SPA, History API, and hash links

roastidio.us was a fairly old-school website. There is very little javascript; all same-site navigations were done by plain old links. Because the site is so light, pages load instantly; and all amenities provided by the browser work out of the box: you can bookmark any page; the back and forward buttons work as one expected. However, good things are not meant to last ...

Bots, what else?

I know, I know, having bots is a fact of life for any webmaster. I heard it is a dead internet out there now; real human visitors are few and far in between, bots dominate your traffic. Search engines, AI data ingestors, everyone want your data. I am usually fine with it until my server start to struggle. Recently, I start to notice a pattern in bot traffic: Obviously they are crawling my site and following every links. For a blog with lower hundereds of pages served statically it should not matter; the crawling will be done soon enough. But I have millons of pages, all dynamically generated, all inter-linking to each other. The traffic multiplies and it will never end.

To let human in but keep bots out, some people put up pay walls, some people use CAPTCHAs. I loathe both approaches. My solution is invisible to the users: I replaced all internal links with javascript generated form POST with CSRF protection, and patched the web page to the new content with fetch'ed data. Bots see no links, human happily clicking. Effectively, I turned the web-site into a quasi-SPA.

Bookmarks still have to work. So, I used the History API to patch the location bar disaplay to the direct link. As expected, after a few days, bot traffic went down significantly. But then, new problems emerged.

Back and Forward buttons?

Back and Forward buttons stopped working once I converted the web site to quasi-SPA style. To make them working again, I have to take on jobs previously I happily outsourced to the browser: Now, I have to save and restore page content myself in javascript using the History API. The API works this way: each time I change the URL, I can stow an opaque javascript object in the browser together with the URL, and the browser will give back the same object when history is revisited so I can resotre the page content when needed.

With javascript in my hand, I could do any DOM manipulation at the click; However, going back in time after arbitrary DOM manipulations would have been a hard problem. My usage here is fairly simple; so I got it all working in an hour or 2. Then, more problems emerged.
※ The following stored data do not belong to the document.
(* Let $p\colon\mathbb{R}^n\to\mathbb{R}$ be a CPWL function and let $\{\mathcal{X}_i\}_{i\in[m]}$ be a family of closed connected subsets of $\mathbb{R}^n$ with $\bigcup_{i\in[m]}\mathcal{X}_i=\mathbb{R}^n$ and $p$ affine on each $\mathcal{X}_i$, such that $m$ is the minimum number of members among all such families of closed connected subsets. Let $\{\mathcal{H}_j\}_{j\in[k]}$ be any finite family of affine subspaces of $\mathbb{R}^n$ of dimension $n-1$. Then for every $i\in[m]$, $$\mathcal{X}_i\cap\left(\mathbb{R}^n\setminus\bigcup_{j\in[k]}\mathcal{H}_j\right)\neq\emptyset.$$
   Context: A function $p\colon\mathbb{R}^n\to\mathbb{R}$ is CPWL if there are finitely many closed subsets $\mathcal{U}_1,\dots,\mathcal{U}_m$ of $\mathbb{R}^n$ with $\mathbb{R}^n=\bigcup_i\mathcal{U}_i$ and $p$ affine on each $\mathcal{U}_i$. *)

From HB Require Import structures.
From mathcomp Require Import all_boot all_order all_algebra.
From mathcomp Require Import all_classical all_reals all_analysis.
Set Implicit Arguments. Unset Strict Implicit. Unset Printing Implicit Defensive.
Import Order.TTheory GRing.Theory Num.Theory.
Import numFieldNormedType.Exports.
Local Open Scope ring_scope.
Local Open Scope classical_set_scope.

Definition affine_on (R : realType) (n : nat) (p : 'rV[R]_n -> R)
  (U : set 'rV[R]_n) : Prop :=
  exists (a : 'rV[R]_n) (b : R),
    forall x, U x -> p x = \sum_(i < n) a ord0 i * x ord0 i + b.

Definition CPWL (R : realType) (n : nat) (p : 'rV[R]_n -> R) : Prop :=
  exists (m : nat) (U : 'I_m -> set 'rV[R]_n),
    (forall i, closed (U i)) /\
    (\bigcup_(i in [set: 'I_m]) U i = [set: 'rV[R]_n]) /\
    (forall i, affine_on p (U i)).

Definition cc_affine_cover (R : realType) (n : nat) (p : 'rV[R]_n -> R)
  (m : nat) (X : 'I_m -> set 'rV[R]_n) : Prop :=
  (forall i, closed (X i)) /\
  (forall i, connected (X i)) /\
  (\bigcup_(i in [set: 'I_m]) X i = [set: 'rV[R]_n]) /\
  (forall i, affine_on p (X i)).

(* An affine subspace of R^n of dimension n-1 : a translate x0 + V of a
   linear subspace V with dim V + 1 = n (so none exist when n = 0). *)
Definition affine_hyperplane (R : realType) (n : nat)
  (H : set 'rV[R]_n) : Prop :=
  exists (x0 : 'rV[R]_n) (V : {vspace 'rV[R]_n}),
    ((\dim V).+1 = n)%N /\ H = [set x | (x - x0) \in V].

From HB Require Import structures.
From mathcomp Require Import all_boot all_order all_algebra.
From mathcomp Require Import all_classical all_reals all_analysis.
Import Order.TTheory GRing.Theory Num.Theory.
Import numFieldNormedType.Exports.
Local Open Scope ring_scope.
Local Open Scope classical_set_scope.

(* An affine hyperplane x0 + V lies in a level set of a non-zero linear form
   (one vanishing on V), so it misses an open dense set; hence the complement
   of finitely many hyperplanes is dense.  If X_i missed that complement, the
   closed set covered by the other X_l would contain a dense set, hence all of
   R^n, and dropping X_i would give a smaller cover, contradicting minimality. *)

Lemma open_dense_bigcap {T : topologicalType} {I : finType} {F : I -> set T} :
  (forall i, open (F i) /\ dense (F i)) ->
  open (\bigcap_i F i) /\ dense (\bigcap_i F i).
Proof.
move=> odF; have -> : [set: I] = [set` enum I].
  by apply/seteqP; split=> i //= _; rewrite mem_enum.
rewrite bigcap_seq; elim: (enum I) => [|a s [oS dS]].
  by rewrite big_nil; split=> [|O O0 _]; [exact: openT | rewrite setIT].
have [oa da] := odF a; rewrite big_cons.
by split; [exact: openI | exact: denseI].
Qed.

Lemma denseS {T : topologicalType} {A B : set T} :
  A `<=` B -> dense A -> dense B.
Proof.
by move=> AB dA O O0 oO; apply: subset_nonempty (dA O O0 oO); exact: setIS.
Qed.

Lemma exists_notin_vspace {K : fieldType} {vT : vectType K} {V : {vspace vT}} :
  (\dim V < \dim {:vT})%N -> exists w, w \notin V.
Proof.
move=> dimV; apply: contrapT => allV; move: dimV; rewrite ltnNge.
rewrite dimvS //; apply/subvP => w _.
by apply/negPn/negP => wV; apply: allV; exists w.
Qed.

Lemma exists_scalar_vanishing_on_vspace {K : fieldType} {vT : vectType K}
    {V : {vspace vT}} {w : vT} :
  w \notin V ->
  exists f : {scalar vT}, (forall v, v \in V -> f v = 0) /\ f w != 0.
Proof.
move=> wV; pose q := (\1 - projv V)%VF.
have qE u : q u = u - projv V u by rewrite add_lfunE opp_lfunE id_lfunE.
have qw0 : q w != 0.
  by apply: contra wV; rewrite qE subr_eq0 => /eqP ->; exact: memv_proj.
have [j qj] : exists j, coord (vbasis fullv) j (q w) != 0.
  apply/existsP; apply: contraR qw0; rewrite negb_exists => /forallP qw.
  rewrite (coord_vbasis (memvf (q w))) big1 // => j _.
  by move/negPn/eqP: (qw j) => ->; rewrite scale0r.
exists (coord (vbasis fullv) j \o q)%FUN; split => //= v vV.
by rewrite qE projv_id // subrr linear0.
Qed.

Lemma rV_scalarE (R : comNzRingType) (n : nat) (f : {scalar 'rV[R]_n}) x :
  f x = \sum_(i < n) x 0 i * f (delta_mx 0 i).
Proof.
rewrite {1}(row_sum_delta x) linear_sum.
by apply: eq_bigr => i _; rewrite scalarZ.
Qed.

Lemma rV_scalar_continuous {R : realType} {n : nat} (f : {scalar 'rV[R]_n}) :
  continuous f.
Proof.
rewrite (_ : f = (fun x => \sum_(i < n) x 0 i * f (delta_mx 0 i)) :> (_ -> _)).
  apply: continuous_big => [|i _ x]; first exact: add_continuous.
  exact: cvgMr_tmp (@coord_continuous R 1 n 0 i x).
by apply: funext => x; exact: rV_scalarE.
Qed.

Lemma dense_scalar_neq {R : realType} {V : normedModType R} {f : {scalar V}}
    {w : V} (b : R) :
  f w != 0 -> dense [set x | f x != b].
Proof.
move=> fw0 O [y Oy] oO.
have [fyb|] := eqVneq (f y) b; last by exists y.
have line : (fun t : R => y + t *: w) @ (0 : R) --> y.
  rewrite -[y in _ --> y]addr0 -(scale0r w).
  exact: (cvgD (cvg_cst y) (cvgZr_tmp cvg_id)).
have /filter_ex [t [Ot t0]] :
    \forall t \near (0 : R)^', O (y + t *: w) /\ t != 0.
  near=> t; split; last by near: t; exact: nbhs_dnbhs_neq.
  by near: t; apply: cvg_within; apply: line; exact: open_nbhs_nbhs.
exists (y + t *: w); split => //=.
by rewrite linearD scalarZ fyb -subr_eq0 addrC addKr mulf_neq0.
Unshelve. all: by end_near. Qed.

Lemma affine_hyperplane_nowhere_dense {R : realType} {n : nat}
    {H : set 'rV[R]_n} :
  affine_hyperplane H -> exists O, [/\ open O, dense O & O `<=` ~` H].
Proof.
move=> [x0 [V [dimV ->]]].
have [w wV] : exists w, w \notin V.
  apply: exists_notin_vspace.
  by rewrite dimvf dim_matrix mul1r -[n in (_ < n)%N]dimV.
have [f [fV fw]] := exists_scalar_vanishing_on_vspace wV.
exists [set x | f x != f x0]; split.
- apply: (@open_comp _ _ f [set r | r != f x0]); last exact: open_neq.
  by move=> x _; exact: rV_scalar_continuous.
- exact: dense_scalar_neq fw.
- by move=> x /= + Vx; rewrite -subr_eq0 -linearB fV ?eqxx.
Qed.

Lemma dense_setC_bigcup_hyperplanes {R : realType} {n k : nat}
    {H : 'I_k -> set 'rV[R]_n} :
  (forall j, affine_hyperplane (H j)) ->
  dense (~` \bigcup_(j in [set: 'I_k]) H j).
Proof.
move=> Hhyp.
have [G HG] := choice (fun j => affine_hyperplane_nowhere_dense (Hhyp j)).
have [_ dG] : open (\bigcap_j G j) /\ dense (\bigcap_j G j).
  by apply: open_dense_bigcap => j; have [oG dG _] := HG j.
apply: denseS dG => x Gx [j _ Hx].
by have [_ _ GH] := HG j; exact: GH x (Gx j I) Hx.
Qed.

Lemma bigcup_lift_cover {T : topologicalType} {m : nat}
    {X : 'I_m.+1 -> set T} {i : 'I_m.+1} {D : set T} :
  (forall l, closed (X l)) -> \bigcup_(l in [set: 'I_m.+1]) X l = [set: T] ->
  dense D -> X i `&` D = set0 ->
  \bigcup_(l in [set: 'I_m]) X (lift i l) = [set: T].
Proof.
move=> Xcl Xcov dD XiD; apply/seteqP; split => // x _.
set U := \bigcup_(l in _) _; apply: contrapT => Ux.
have oU : open (~` U).
  apply: closed_openC; apply: closed_bigcup => [|l _]; first exact: finite_finset.
  exact: Xcl.
have [z [Uz Dz]] := dD _ (ex_intro _ x Ux) oU.
have [l0 _ Xz] : (\bigcup_(l in [set: 'I_m.+1]) X l) z by rewrite Xcov.
case: (unliftP i l0) => [l|] El0; rewrite El0 in Xz.
  by apply: Uz; exists l.
by rewrite -[False]/(set0 z) -XiD.
Qed.

Theorem lemma13 (R : realType) (n : nat) (p : 'rV[R]_n -> R)
  (m : nat) (X : 'I_m -> set 'rV[R]_n) (k : nat) (H : 'I_k -> set 'rV[R]_n) :
  CPWL p ->
  cc_affine_cover p X ->
  (forall (m' : nat) (Y : 'I_m' -> set 'rV[R]_n),
      cc_affine_cover p Y -> (m <= m')%N) ->
  (forall j, affine_hyperplane (H j)) ->
  forall i : 'I_m,
    X i `&` (~` \bigcup_(j in [set: 'I_k]) H j) !=set0.
Proof.
move=> _ [Xcl [Xconn [Xcov Xaff]]] Xmin Hhyp.
case: m => [|m] in X Xcl Xconn Xcov Xaff Xmin *; first by case.
move=> i; apply/set0P/negP => /eqP XiH.
have Ycov : cc_affine_cover p (fun l : 'I_m => X (lift i l)).
  split=> [l|]; first exact: Xcl.
  split=> [l|]; first exact: Xconn.
  split=> [|l]; last exact: Xaff.
  exact: bigcup_lift_cover Xcl Xcov (dense_setC_bigcup_hyperplanes Hhyp) XiH.
by have := Xmin _ _ Ycov; rewrite ltnn.
Qed.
Hash links and history don't mix

A hash link is a link to a #... URL, it points to a location within the same page. It is immensely useful: The browser will scroll to the right location for you and you can use the CSS :target selector to do all kind of styling. Having hash links does not contribute to the bots problem I have in the first place, so I don't want to give up on them. However, they don't not play well with the History API.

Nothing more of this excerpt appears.